### What to work on
From the data below, set down exactly the lines between the one holding "Definition seteq_ (M" and the one holding "(forall y, y", inclusive, and no others.

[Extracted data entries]
(* Let $R$ be an associative ring with identity and $M$ a left $R$-module which is projective in $\sigma[M]$. Let $\mu\colon\Lambda^{fi}(M)\to\Lambda^{fi}(M)$ be given by $\mu(N)=\sum\{K\in\Lambda^{fi}(M)\mid \mathcal{U}(K)\subseteq\mathcal{U}(N)\}$. Then for $N\in\Lambda^{fi}(M)$, $\mu(N)=N$ if and only if $N$ is semiprime in $M$ or $N=M$.
   Context: $\Lambda^{fi}(M)$ is the set of fully invariant submodules of $M$. For $N,L\leq M$, $N_ML=\sum\{f(N)\mid f\in\mathrm{Hom}_R(M,L)\}$. $LgSpec(M)$ is the set of submodules $P\neq M$ such that for all $N,L\in\Lambda^{fi}(M)$, $N_ML\subseteq P$ implies $N\subseteq P$ or $L\subseteq P$; for $N\in\Lambda^{fi}(M)$, $\mathcal{U}(N)=\{P\in LgSpec(M)\mid N\nsubseteq P\}$. A submodule $N\in\Lambda^{fi}(M)$ with $N\neq M$ is semiprime in $M$ if whenever $K\in\Lambda^{fi}(M)$ and $K_MK\subseteq N$, then $K\subseteq N$. *)

From HB Require Import structures.
From mathcomp Require Import all_boot all_algebra.
Set Implicit Arguments. Unset Strict Implicit. Unset Printing Implicit Defensive.
Import GRing.Theory.
Local Open Scope ring_scope.

(* R : an associative ring with identity (pzRingType); left R-modules are lmodType R.
   Submodules are represented as predicates M -> Prop. *)

Section Modules.
Variable R : pzRingType.

Definition subset_ (M : lmodType R) (A B : M -> Prop) := forall x, A x -> B x.
Definition seteq_ (M : lmodType R) (A B : M -> Prop) := forall x, A x <-> B x.
Definition full_ (M : lmodType R) (A : M -> Prop) := forall x : M, A x.

Definition is_submod (M : lmodType R) (N : M -> Prop) : Prop :=
  [/\ N 0, (forall x y, N x -> N y -> N (x + y)) & (forall (r : R) x, N x -> N (r *: x))].

Definition sum_fam (M : lmodType R) (F : (M -> Prop) -> Prop) : M -> Prop :=
  fun x => exists s : seq M,
    (forall y, y \in s -> exists K, F K /\ K y) /\ x = \sum_(y <- s) y.

Definition img (X Y : lmodType R) (f : X -> Y) (N : X -> Prop) : Y -> Prop :=
  fun y => exists x, N x /\ y = f x.

Definition fully_inv (M : lmodType R) (N : M -> Prop) : Prop :=
  is_submod N /\ forall f : M -> M, linear f -> subset_ (img f N) N.

(* N_M L = sum { f(N) | f in Hom_R(M, L) } *)
Definition prodM (M : lmodType R) (N L : M -> Prop) : M -> Prop :=
  sum_fam (fun K => exists f : M -> M,
     [/\ linear f, (forall x, L (f x)) & seteq_ K (img f N)]).

Definition LgSpec (M : lmodType R) (P : M -> Prop) : Prop :=
  [/\ is_submod P, ~ full_ P &
     forall N L, fully_inv N -> fully_inv L ->
       subset_ (prodM N L) P -> subset_ N P \/ subset_ L P].

Definition U_ (M : lmodType R) (N : M -> Prop) : (M -> Prop) -> Prop :=
  fun P => LgSpec P /\ ~ subset_ N P.

Definition semiprime (M : lmodType R) (N : M -> Prop) : Prop :=
  [/\ fully_inv N, ~ full_ N &
     forall K, fully_inv K -> subset_ (prodM K K) N -> subset_ K N].

Definition mu (M : lmodType R) (N : M -> Prop) : M -> Prop :=
  sum_fam (fun K => fully_inv K /\ forall P, U_ K P -> U_ N P).

Definition M_generated (M Y : lmodType R) : Prop :=
  full_ (sum_fam (fun K : Y -> Prop => exists f : M -> Y,
            linear f /\ seteq_ K (img f (fun _ => True)))).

### Answer
Definition seteq_ (M : lmodType R) (A B : M -> Prop) := forall x, A x <-> B x.
Definition full_ (M : lmodType R) (A : M -> Prop) := forall x : M, A x.

Definition is_submod (M : lmodType R) (N : M -> Prop) : Prop :=
  [/\ N 0, (forall x y, N x -> N y -> N (x + y)) & (forall (r : R) x, N x -> N (r *: x))].

Definition sum_fam (M : lmodType R) (F : (M -> Prop) -> Prop) : M -> Prop :=
  fun x => exists s : seq M,
    (forall y, y \in s -> exists K, F K /\ K y) /\ x = \sum_(y <- s) y.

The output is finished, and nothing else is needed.